I’m figuring out how to use FSDP with meta device, but I couldn’t find any documentation/examples on this except for this one:

param_init_fn (Optional[Callable[[nn.Module], None]]) –
A Callable[torch.nn.Module] -> None that specifies how modules that are currently on the meta device should be initialized onto an actual device. As of v1.12, FSDP detects modules with parameters or buffers on meta device via is_meta and either applies param_init_fn if specified or calls nn.Module.reset_parameters() otherwise. For both cases, the implementation should only initialize the parameters/buffers of the module, not those of its submodules. This is to avoid re-initialization. In addition, FSDP also supports deferred initialization via torchdistX’s (https://github.com/pytorch/torchdistX) deferred_init() API, where the deferred modules are initialized by calling param_init_fn if specified or torchdistX’s default materialize_module() otherwise. If param_init_fn is specified, then it is applied to all meta-device modules, meaning that it should probably case on the module type. FSDP calls the initialization function before parameter flattening and sharding.
Example:
>>> module = MyModule(device="meta")
>>> def my_init_fn(module: nn.Module):
>>>     # E.g. initialize depending on the module type
>>>     ...
>>> fsdp_model = FSDP(module, param_init_fn=my_init_fn, auto_wrap_policy=size_based_auto_wrap_policy)
>>> print(next(fsdp_model.parameters()).device) # current CUDA device
>>> # With torchdistX
>>> module = deferred_init.deferred_init(MyModule, device="cuda")
>>> # Will initialize via deferred_init.materialize_module().
>>> fsdp_model = FSDP(module, auto_wrap_policy=size_based_auto_wrap_policy)

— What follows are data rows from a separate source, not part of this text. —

(* Let $n\ge 2$ and let $G=(V,A,s,t)$ be a doubly-rooted digraph with $|V|=n$, edges enumerated $A=\{a_1,\dots,a_{4n-1}\}$, and $B\subseteq A$ with $|B|\le 3$. Let $A^*=A\cup\{a_0,a_{4n}\}$, where $a_0$ is a new edge with $a_0^+=s$ and $a_{4n}$ is a new edge with $a_{4n}^-=t$ (their other endpoints being a new vertex $r$). For any $a\in A$ that is not a loop, \[S(G,B)=\sum_{c\in A^*:\,c^+=a^-}S(G_{a,c},B_{a,c})-\sum_{d\in A^*:\,d^-=a^+}S(G^{a,d},B^{a,d}),\] where all digraphs are given the enumerations described below.
   Context: For a doubly-rooted digraph $H$ with edges indexed by $\{1,\dots,k\}$ and $B'\subseteq A(H)$: $M(B')$ is the set of indices of edges in $B'$; $P(H)$ is the set of $\sigma\in\mathfrak{S}_k$ such that $(e_{\sigma(1)},\dots,e_{\sigma(k)})$ (with $e_j$ the edge of index $j$) is a directed Eulerian trail from the first root to the second root; for $M=\{j_1<\dots<j_\ell\}$, $\sigma_M\in\mathfrak{S}_\ell$ is $\sigma_M(g)=|\{h:\sigma(j_h)\le\sigma(j_g)\}|$; $S(H,B')=\sum_{\sigma\in P(H)}\mathrm{sgn}(\sigma)\mathrm{sgn}(\sigma_{M(B')})$. Edge $a$ has source $a^-$, target $a^+$; loops and multiple edges allowed. Constructions. For $c\in A$ with $c^+=a^-$: $G_{a,c}$ has vertex set $V$, roots $(s,t)$, and edge set obtained from $A$ by replacing $a$ with a loop $\overline{a}$ at $a^+$ (given the index of $a$) and $c$ with an edge $c_a$ from $c^-$ to $a^+$ (given the index of $c$). For $d\in A$ with $d^-=a^+$: $G^{a,d}$ has vertex set $V$, roots $(s,t)$, and edge set obtained from $A$ by replacing $a$ with a loop $\overline{a}$ at $a^+$ (index of $a$) and $d$ with an edge $d^a$ from $a^-$ to $d^+$ (index of $d$). If $c=a_0$ (possible only when $s=a^-$), $G_{a,a_0}$ has vertex set $V$, edge set $(A\setminus\{a\})\cup\{\overline{a}\}$ ($\overline{a}$ a loop at $a^+$ with the index of $a$) and roots $(a^+,t)$. If $d=a_{4n}$ (possible only when $t=a^+$), $G^{a,a_{4n}}$ has vertex set $V$, edge set $(A\setminus\{a\})\cup\{\overline{a}\}$ and roots $(s,a^-)$. In all cases $B_{a,c}$ (resp. $B^{a,d}$) is obtained from $B$ by replacing $a$ by $\overline{a}$ and $c$ by $c_a$ (resp. $d$ by $d^a$) whenever these lie in $B$; thus the index sets of the distinguished edges are unchanged. *)

From mathcomp Require Import all_boot all_order all_algebra all_fingroup.
Set Implicit Arguments. Unset Strict Implicit. Unset Printing Implicit Defensive.
Import GRing.Theory.
Lemma pi_post_prof i th : pi_nat i (post_prof th) =
  fitness_table (is_mutant th i) (is_mutant th (nxt i)) (is_mutant th (nxt2 i)).
Proof.
have lone_i : lone_incumbent th i =
  [&& ~~ is_mutant th i, is_mutant th (nxt i) & is_mutant th (nxt2 i)] by [].
have lone_nxt := lone_incumbent_nxt th i; have lone_nxt2 := lone_incumbent_nxt2 th i.
case mi: (is_mutant th i); case mx: (is_mutant th (nxt i)); case my: (is_mutant th (nxt2 i));
  rewrite mi mx my /= in lone_i lone_nxt lone_nxt2;
  first [ by rewrite (post_prof_lone lone_i) pi_lone_self
        | by rewrite (post_prof_lone lone_nxt) pi_lone_nxt
        | by rewrite (post_prof_lone lone_nxt2) pi_lone_nxt2
        | rewrite post_prof_none ?pi_astar // => k;
          by case: (ord3_rotP i k) => ->; rewrite ?lone_i ?lone_nxt ?lone_nxt2 ].
Qed.

Lemma EU_fit_post i t x y : EU (fit R i) (post_strat (tp3 i t x y)) =
  (fitness_table (t == mutant i) (x == mutant (nxt i)) (y == mutant (nxt2 i)))%:R.
Proof.
have tp3_i : tp3 i t x y i = t by rewrite ffunE eqxx.
have tp3_nxt : tp3 i t x y (nxt i) = x by rewrite ffunE nxt_neq eqxx.
have tp3_nxt2 : tp3 i t x y (nxt2 i) = y by rewrite ffunE nxt2_neq nxt2_neq_nxt.
by rewrite EU_pure ffunE pi_post_prof /is_mutant tp3_i tp3_nxt tp3_nxt2.
Qed.

Section PostEntry.
Variable e : R.
Hypothesis e_gt0 : 0 < e.
Let s' := ent_s s setT mutant.
Let w' := ent_w w setT mutant (fun _ => e).

Lemma sum_post_entry k l (F : Th R -> Th R -> R) (A B C D : R) :
  (forall x y, x \in s k -> y \in s l -> F x y = A) ->
  (forall x, x \in s k -> F x (mutant l) = B) ->
  (forall y, y \in s l -> F (mutant k) y = C) -> F (mutant k) (mutant l) = D ->
  \sum_(x <- s' k) \sum_(y <- s' l) (w' k x * w' l y) * F x y =
  (1 - e) * (1 - e) * A + (1 - e) * e * B + e * (1 - e) * C + e * e * D.
Proof.
have s'E j : s' j = rcons (s j) (mutant j) by rewrite /s' /ent_s in_setT.
have w'E j t : w' j t = if t == mutant j then e else (1 - e) * w j t.
  by rewrite /w' /ent_w in_setT.
have avg j (G : Th R -> R) c : (forall y, y \in s j -> G y = w j y * c) ->
    \sum_(y <- s j) G y = c.
  move=> Gc; rewrite -[RHS]mul1r -(sum_w1 j) big_distrl /= !big_seq.
  by apply: eq_bigr => y /Gc.
move=> FA FB FC FD.
have inner x : \sum_(y <- s' l) (w' k x * w' l y) * F x y =
    w' k x * ((1 - e) * \sum_(y <- s l) w l y * F x y + e * F x (mutant l)).
  rewrite s'E big_rcons /= (w'E l) eqxx mulrDr; congr (_ + _); last by rewrite mulrA.
  rewrite !big_distrr /= !big_seq; apply: eq_bigr => y sy.
  by rewrite (w'E l y) eq_mutant_in //; ring.
rewrite s'E big_rcons /= inner (w'E k) eqxx FD (avg l _ C); last by move=> y /FC ->.
rewrite (avg k _ ((1 - e) * ((1 - e) * A + e * B))); first ring.
move=> x sx; rewrite inner (w'E k) eq_mutant_in // FB // (avg l _ A); first ring.
by move=> y /(FA x y sx) ->.
Qed.

Lemma avgfit_mutant_gt i t : t \in s i ->
  avgfit s' w' post_strat i t < avgfit s' w' post_strat i (mutant i).
Proof.
move=> t_in; rewrite /avgfit.
rewrite (@sum_post_entry _ _ _ 7 7 7 0) ?(@sum_post_entry _ _ _ 7 6 9 7);
  try by move=> *; rewrite EU_fit_post ?eqxx ?eq_mutant_in.
rewrite -subr_gt0.
have -> : (1 - e) * (1 - e) * 7 + (1 - e) * e * 6 + e * (1 - e) * 9 + e * e * 7
  - ((1 - e) * (1 - e) * 7 + (1 - e) * e * 7 + e * (1 - e) * 7 + e * e * 0)
  = e + 6 * (e * e) by ring.
by rewrite addr_gt0 ?mulr_gt0.
Qed.

End PostEntry.
End Invasion.
End Configuration.

Theorem mainTheorem8 (R : rcfType) :
  [/\ strict_NE R astar, pareto_eff R astar & ~ stable_profile R astar].
Proof.
split; [exact: strict_NE_astar | exact: pareto_eff_astar |].
move=> [s [w [b [[s_pop b_eqm] [_ b_stable] agg_astar]]]].
have agg1 : agg s w b astar = 1 by rewrite agg_astar eqxx.
have b_astar := agg_eq1_pure s_pop b_eqm agg1.
have all_nonempty : [set: 'I_3] != set0 by apply/set0Pn; exists p0.
have [eb [/andP [eb_gt0 eb_lt1] invasion]] :=
  b_stable _ (mutant s) all_nonempty (fun j _ => mutant_notin s_pop j).
pose e := eb / 2.
have e_gt0 : 0 < e by rewrite divr_gt0.
have e_lt_eb : e < eb by rewrite ltr_pdivrMr // ltr_pMr // ltr1n.
have e_01 : 0 < e < 1 by rewrite e_gt0 (lt_trans e_lt_eb eb_lt1).
have mutant_gt j := avgfit_mutant_gt s_pop e_gt0 (some_incumbent_in s_pop j).
case: (invasion (fun _ => e) (fun _ _ => e_01) (fun _ _ => e_lt_eb) _
         (focal_post_strat s_pop b_eqm b_astar)) => [[j _ incumbent_gt] | balanced_post].
  have := incumbent_gt _ (some_incumbent_in s_pop j).
  by rewrite ltNge ltW ?mutant_gt.
have := mutant_gt p0; rewrite (balanced_post p0 (mutant s p0) (some_incumbent s p0)) ?ltxx //.
  by rewrite /ent_s in_setT mem_rcons mem_head.
by rewrite /ent_s in_setT mem_rcons in_cons (some_incumbent_in s_pop) orbT.
Qed.
Lemma cylw_cell s i (x : R) : (size s * nmax <= k)%N -> (i < Nk)%N ->
  i%:R / Nk%:R <= x -> x < i.+1%:R / Nk%:R -> (cylw s x <-> cell_cyl s i).
Proof.
move=> s_le i_lt ix xi; have := @cylw_block s 0 i x; rewrite expn0 !muln1; apply => //.
by rewrite /in_block !muln1 -ler_pdivrMr ?Nk_gt0 // -ltr_pdivlMr ?Nk_gt0 // ix xi.
Qed.

Lemma EcellE (i : 'I_Nk) :
  Ecell i = [set` `[i%:R / Nk%:R, i.+1%:R / Nk%:R]] :> set R.
Proof. by apply/seteqP; split => x; rewrite /Ecell /= in_itv. Qed.

Lemma cell_integral_cylw s (i : 'I_Nk) : (size s * nmax <= k)%N ->
  Nk%:R * Rintegral lebesgue_measure (Ecell i) (\1_(cylw s)) = (cell_cyl s i)%:R.
Proof.
move=> s_le; set a : R := i%:R / Nk%:R; set b : R := i.+1%:R / Nk%:R.
have ab : a < b by rewrite /a /b ltr_pM2r ?invr_gt0 ?Nk_gt0 // ltr_nat.
have E_meas : measurable (Ecell i : set R) by rewrite EcellE; apply: measurable_itv.
set B := cylw s `&` (Ecell i : set R).
have -> : Rintegral lebesgue_measure (Ecell i) (\1_(cylw s)) =
          Rintegral lebesgue_measure (Ecell i) (\1_B).
  congr fine; apply: eq_integral => x; rewrite inE => Ex.
  by rewrite !indicE /B in_setI (mem_set Ex) andbT.
have BE : B `&` Ecell i = B by apply: setIidl => x [].
rewrite /Rintegral; have [si|nsi] := boolP (cell_cyl s i).
  have [B_meas B_len] : measurable B /\ lebesgue_measure B = (b - a)%:E.
    apply: lebesgue_measure_between => // x.
      rewrite /= in_itv /= => /andP[ax xb]; split.
        exact/(cylw_cell s_le (ltn_ord i) ax xb).
      by rewrite /Ecell /= ax (ltW xb).
    by move=> [_]; rewrite /Ecell /= in_itv.
  rewrite integral_indic // BE (_ : fine _ = fine (b - a)%:E); last by congr fine.
  by rewrite /a /b -mulrBl -natrB // subSnn mul1r mulfV // gt_eqF // Nk_gt0.
have [B_meas B_len] : measurable B /\ lebesgue_measure B = 0%E.
  apply: (@lebesgue_measure_sub_set1 _ b) => x [sx]; rewrite /Ecell /= => /andP[ax].
  rewrite le_eqVlt => /orP[/eqP // | xb].
  by exfalso; move/negP: nsi; apply; apply/(cylw_cell s_le (ltn_ord i) ax xb).
by rewrite integral_indic // BE (_ : fine _ = fine 0%E) ?mulr0 //; congr fine.
Qed.
(* Suppose $p_0$ has support $\{0,\dots,S\}$ with $S\in\mathbb N\setminus\{0\}$. Then with probability one there exists $n_0$ such that for all $n\ge n_0$ the support of $\hat p_n$ is either $\{0,\dots,S\}$ or $\{0,\dots,S+1\}$.
   Context: Let $\mathbb N=\{0,1,2,\dots\}$. For a real sequence $p$ and $k\ge1$ let $\Delta p(k)=p(k+1)-2p(k)+p(k-1)$; $p$ is convex if $\Delta p(k)\ge0$ for all $k\ge1$; $\mathcal C$ is the set of convex sequences with $\sum_kp(k)^2<\infty$. Let $p_0$ be a convex probability mass function on $\mathbb N$ (so $p_0(k)>0$ for $k\le S$ and $p_0(k)=0$ for $k\ge S+1$). Let $X_1,X_2,\dots$ be i.i.d. with pmf $p_0$, $p_n(j)=\frac1n\sum_{i=1}^n\mathbb 1\{X_i=j\}$, and let the least squares estimator $\hat p_n$ be the unique minimizer over $\mathcal C$ of $\frac12\sum_{j\in\mathbb N}(p_n(j)-p(j))^2$. The support of a sequence $p$ is $\{k: p(k)\neq 0\}$. *)

From Stdlib Require Import Reals Lra Lia.
Open Scope R_scope.

Definition Delta (p : nat -> R) (k : nat) : R := p (S k) - 2 * p k + p (pred k).

Definition convex_seq (p : nat -> R) : Prop :=
  forall k : nat, (1 <= k)%nat -> 0 <= Delta p k.

Definition square_summable (p : nat -> R) : Prop :=
  exists l : R, infinite_sum (fun k => p k ^ 2) l.

Definition in_C (p : nat -> R) : Prop := convex_seq p /\ square_summable p.

Definition support (p : nat -> R) (k : nat) : Prop := p k <> 0.

Definition is_pmf (p : nat -> R) : Prop :=
  (forall k, 0 <= p k) /\ infinite_sum p 1.

Definition ls_terms (pn p : nat -> R) (j : nat) : R := / 2 * (pn j - p j) ^ 2.

Definition is_LSE (pn p : nat -> R) : Prop :=
  in_C p /\
  (exists a, infinite_sum (ls_terms pn p) a) /\
  forall q : nat -> R, in_C q ->
    forall a b, infinite_sum (ls_terms pn p) a ->
                infinite_sum (ls_terms pn q) b -> a <= b.

Definition sigma_algebra {Omega : Type} (F : (Omega -> Prop) -> Prop) : Prop :=
  F (fun _ => True) /\
  (forall A, F A -> F (fun w => ~ A w)) /\
  (forall A : nat -> Omega -> Prop, (forall n, F (A n)) ->
       F (fun w => exists n, A n w)).

Definition is_prob_space {Omega : Type} (F : (Omega -> Prop) -> Prop)
  (P : (Omega -> Prop) -> R) : Prop :=
  sigma_algebra F /\
  (forall A, F A -> 0 <= P A) /\
  P (fun _ => True) = 1 /\
  (forall A : nat -> Omega -> Prop,
      (forall n, F (A n)) ->
      (forall n m w, n <> m -> A n w -> A m w -> False) ->
      infinite_sum (fun n => P (A n)) (P (fun w => exists n, A n w))).

Fixpoint prodR (f : nat -> R) (n : nat) : R :=
  match n with
  | O => 1
  | S m => prodR f m * f m
  end.

(* X_1, X_2, ... (indexed here from 0) are i.i.d. N-valued random variables
   with pmf p0: each event {X_i = j} is measurable and, for every n, the joint
   law of (X_0, ..., X_{n-1}) is the product law p0^{⊗n}. *)
Definition iid_with_pmf {Omega : Type} (F : (Omega -> Prop) -> Prop)
  (P : (Omega -> Prop) -> R) (X : nat -> Omega -> nat) (p0 : nat -> R) : Prop :=
  (forall i j, F (fun w => X i w = j)) /\
  (forall (n : nat) (j : nat -> nat),
      P (fun w => forall i, (i < n)%nat -> X i w = j i) =
      prodR (fun i => p0 (j i)) n).

Fixpoint count_obs {Omega : Type} (X : nat -> Omega -> nat) (w : Omega)
  (n j : nat) : nat :=
  match n with
  | O => O
  | S m => (count_obs X w m j + (if Nat.eqb (X m w) j then 1 else 0))%nat
  end.

Definition empirical {Omega : Type} (X : nat -> Omega -> nat) (w : Omega)
  (n : nat) (j : nat) : R :=
  INR (count_obs X w n j) / INR n.

(* Deterministic part: let q vanish beyond S and be close to p0 on {0..S}, and let p be the
   least squares projection of q onto the convex sequences vanishing beyond S+1 (a
   finite-dimensional problem). Since p0 is a competitor, p is close to q, so p(S) is large and
   p(S+1) small: p has a strict kink at S+1. Testing the first-order conditions against the
   tents (j - i)_+, together with Abel summation, shows that the residual q - p has nonpositive
   inner product with every convex sequence that is nonnegative at S+1; hence p is the unique
   least squares estimator over all of C. Being convex and square-summable, p is nonincreasing,
   so its support is {0..S} or {0..S+1}.
   Probabilistic part: almost surely every observation lies in {0..S}, and a fourth-moment
   Chebyshev bound P(|count_j - n p0(j)| >= n eta) <= 3 / (eta^4 n^2) with Borel-Cantelli shows
   that almost surely the empirical pmf is eventually within eta of p0. *)

From Stdlib Require Import Reals Lra Lia.
From Stdlib Require Import Classical ClassicalEpsilon IndefiniteDescription.
From Stdlib Require Import FunctionalExtensionality PropExtensionality.
(* after [Reals], so that [Defs.Delta] shadows the [Delta] of the standard library *)
From Pilot Require Import Defs.
Open Scope R_scope.

Lemma sum_f_R0_tail_zero (f : nat -> R) (M N : nat) :
  (forall i, (M < i)%nat -> f i = 0) -> (M <= N)%nat -> sum_f_R0 f N = sum_f_R0 f M.
Proof.
  intros Hf HMN. induction HMN as [|N HMN IH]; [reflexivity|].
  rewrite tech5, IH, (Hf (S N)) by lia. ring.
Qed.

Lemma infinite_sum_finite (f : nat -> R) (M : nat) :
  (forall i, (M < i)%nat -> f i = 0) -> infinite_sum f (sum_f_R0 f M).
Proof.
  intros Hf eps Heps. exists M. intros n Hn.
  rewrite (sum_f_R0_tail_zero f M n Hf Hn). unfold Rdist. rewrite Rminus_diag, Rabs_R0. lra.
Qed.
Lemma lnpow_coef_sum_succ l m L :
  sum_f_R0 (fun j => lnpow_coef l (S m) j * L ^ (l - j)) l
  = - (INR m + 1) * sum_f_R0 (fun j => lnpow_coef l m j * L ^ (l - j)) l
    + sum_f_R0 (fun j => lnpow_coef l m j * (INR (l - j) * L ^ pred (l - j))) l.
Proof.
  unfold lnpow_coef. rewrite scal_sum, <- sum_plus.
  rewrite (sum_eq _ (fun j => Binomial.C l j * INR (fact j) * stirling1 (m + 1) j * L ^ (l - j)
     + Binomial.C l j * INR (fact j) * stirling1 (m + 1) (j + 1) * L ^ (l - j) * - (INR m + 1))).
  2: { intros j _. replace (S m + 1)%nat with (S (m + 1)) by lia.
       replace (j + 1)%nat with (S j) by lia. rewrite stirling1_succ, plus_INR. simpl. ring. }
  rewrite !sum_plus, (Rplus_comm (sum_f_R0 _ l)). f_equal.
  replace (m + 1)%nat with (S m) by lia.
  destruct l as [|l]; [simpl; rewrite stirling1_succ_0; ring|].
  rewrite decomp_sum, tech5, stirling1_succ_0, Nat.sub_diag by lia. change (pred (S l)) with l.
  rewrite Rmult_0_r, Rmult_0_l, Rplus_0_l. simpl INR at 2. rewrite Rmult_0_l, Rmult_0_r, Rplus_0_r.
  apply sum_eq. intros i Hi.
  replace (S i) with (i + 1)%nat at 3 by lia.
  replace (S l - S i)%nat with (pred (S l - i)) by lia.
  rewrite (binomial_fact_succ (S l) i) by lia. ring.
Qed.
Lemma wcoefB (P Q : R2) i j : wcoef (P - Q) i j = wcoef P i j - wcoef Q i j.
Proof. by rewrite /wcoef !coefB. Qed.

Lemma wcoefMn (P : R2) i j k : wcoef (P *+ k) i j = wcoef P i j *+ k.
Proof. by rewrite /wcoef !coefMn. Qed.

Lemma wcoef_sum I (r : seq I) (Pr : pred I) (G : I -> R2) i j :
  wcoef (\sum_(k <- r | Pr k) G k) i j = \sum_(k <- r | Pr k) wcoef (G k) i j.
Proof. by rewrite /wcoef !coef_sum. Qed.

Lemma supp_mono (P : R2) (R1 R2' : nat -> nat -> Prop) :
  (forall i j, R1 i j -> R2' i j) -> supp P R1 -> supp P R2'.
Proof. by move=> H sP i j /sP /H. Qed.

Lemma supp0 Rl : supp 0 Rl.
Proof. by move=> i j; rewrite /wcoef !coef0 eqxx. Qed.

Lemma suppD (P Q : R2) Rl : supp P Rl -> supp Q Rl -> supp (P + Q) Rl.
Proof.
move=> sP sQ i j; rewrite wcoefD.
by case: (wcoef P i j =P 0) => [->|/eqP/sP//]; rewrite add0r; apply: sQ.
Qed.

Lemma suppN (P : R2) Rl : supp P Rl -> supp (- P) Rl.
Proof. by move=> sP i j; rewrite /wcoef !coefN oppr_eq0; apply: sP. Qed.

Lemma suppB (P Q : R2) Rl : supp P Rl -> supp Q Rl -> supp (P - Q) Rl.
Proof. by move=> sP sQ; apply: suppD => //; apply: suppN. Qed.

Lemma supp_sum I (r : seq I) (Pr : pred I) (G : I -> R2) Rl :
  (forall k, Pr k -> supp (G k) Rl) -> supp (\sum_(k <- r | Pr k) G k) Rl.
Proof.
move=> H; elim/big_rec: _ => [|k x Pk sx]; first exact: supp0.
by apply: suppD => //; apply: H.
Qed.

Lemma sum_neq0 (R : nzRingType) (m : nat) (f : 'I_m -> R) :
  \sum_(k < m) f k != 0 -> exists k, f k != 0.
Proof.
case: (pickP (fun k => f k != 0)) => [k fk|f0]; first by exists k.
by rewrite big1 ?eqxx // => k _; apply/eqP/negbFE/f0.
Qed.

Lemma suppM (P Q : R2) (R1 R2' R3 : nat -> nat -> Prop) :
  supp P R1 -> supp Q R2' ->
  (forall i1 j1 i2 j2, R1 i1 j1 -> R2' i2 j2 -> R3 (i1 + i2)%N (j1 + j2)%N) ->
  supp (P * Q) R3.
Proof.
move=> sP sQ H i j; rewrite /wcoef coefM coef_sum => /sum_neq0 [a].
rewrite coefM => /sum_neq0 [b]; rewrite mulf_eq0 negb_or => /andP [h1 h2].
have := H _ _ _ _ (sP _ _ h1) (sQ _ _ h2).
by rewrite !subnKC // -ltnS ltn_ord.
Qed.
Record frame := Frame {
  fcar :> Type;
  fle : fcar -> fcar -> Prop;
  fmeet : fcar -> fcar -> fcar;
  fsup : (fcar -> Prop) -> fcar;
  fle_refl : forall a, fle a a;
  fle_trans : forall a b c, fle a b -> fle b c -> fle a c;
  fle_antisym : forall a b, fle a b -> fle b a -> a = b;
  fmeet_l : forall a b, fle (fmeet a b) a;
  fmeet_r : forall a b, fle (fmeet a b) b;
  fmeet_glb : forall a b c, fle c a -> fle c b -> fle c (fmeet a b);
  fsup_ub : forall (S : fcar -> Prop) a, S a -> fle a (fsup S);
  fsup_lub : forall (S : fcar -> Prop) b, (forall a, S a -> fle a b) -> fle (fsup S) b;
  fdistr : forall a (S : fcar -> Prop),
      fmeet a (fsup S) = fsup (fun c => exists2 s, S s & c = fmeet a s)
}.

Definition fbot (H : frame) : H := fsup (fun _ : H => False).
Definition ftop (H : frame) : H := fsup (fun _ : H => True).
Definition fbigmeet (H : frame) (n : nat) (l : 'I_n -> H) : H :=
  foldr (@fmeet H) (ftop H) (map l (enum 'I_n)).

Record signature := Signature {
  sig_O : Type;
  sig_ar : sig_O -> nat;
  sig_ar_pos : forall f, 0 < sig_ar f;
  sig_C : Type
}.

Record language := Language { lang_sig : signature; lang_X : Type }.

Section Syntax.
Variable L : language.
Local Notation O := (sig_O (lang_sig L)).
Local Notation ar := (@sig_ar (lang_sig L)).
Local Notation C := (sig_C (lang_sig L)).
Local Notation X := (lang_X L).

Inductive term : Type :=
| Tvar : X -> term
| Tcst : C -> term
| Tapp : forall f : O, ('I_(ar f) -> term) -> term.
Arguments Tapp f ts : clear implicits.

Fixpoint tsubst (s : X -> term) (t : term) : term :=
  match t with
  | Tvar x => s x
  | Tcst c => Tcst c
  | Tapp f ts => Tapp f (fun i => tsubst s (ts i))
  end.

Variable H : frame.

Inductive formula : Type :=
| Feq : term -> term -> formula
| Fmem : H -> term -> formula.

Definition fsubst (s : X -> term) (phi : formula) : formula :=
  match phi with
  | Feq a b => Feq (tsubst s a) (tsubst s b)
  | Fmem l a => Fmem l (tsubst s a)
  end.

Definition fset_subst (s : X -> term) (G : formula -> Prop) : formula -> Prop :=
  fun psi => exists2 phi, G phi & psi = fsubst s phi.

(* a fuzzy theory: a set of sequents (Gamma |- psi) *)
Definition theory := (formula -> Prop) -> formula -> Prop.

From what I understand it seems like the default way to initialize a model with FSDP + meta device is random parameters, which doesn’t work for pre-trained models. And the proposed alternative is to use torchdistX, however the torchdistX repository seems to be dead with the latest commit 9 months ago.

I would appreciate any guidance on how to do FSDP + meta device + pre-trained model

nairbv · December 27, 2023, 11:16pm

There are a couple of ways to do it.

If you use FSDP’s sync_module_states parameter (FullyShardedDataParallel — PyTorch 2.1 documentation) you can load the model weights onto rank0, and FSDP will shard the weights out to the remaining ranks.

E.g. in IBM’s FMS repo we first load the state dict only to rank0: https://github.com/foundation-model-stack/foundation-model-stack/blob/main/fms/models/__init__.py#L298 and then we FSDP wrap with sync_module_states: https://github.com/foundation-model-stack/foundation-model-stack/blob/main/fms/models/__init__.py#L186C9-L186C27. The tensors on remaining ranks just get moved to device with to_empty, and then the weights get copied into them from rank0.

In this case, one rank is non-meta tensors and holds the full state_dict.

The above example is intended for cases where the state-dict isn’t sharded. Another option is you can load FSDP-sharded checkpoints into the materialized tensors, after to_empty. In that case, the init_fn moves your meta tensors to devices, and then you can load the state dicts onto those.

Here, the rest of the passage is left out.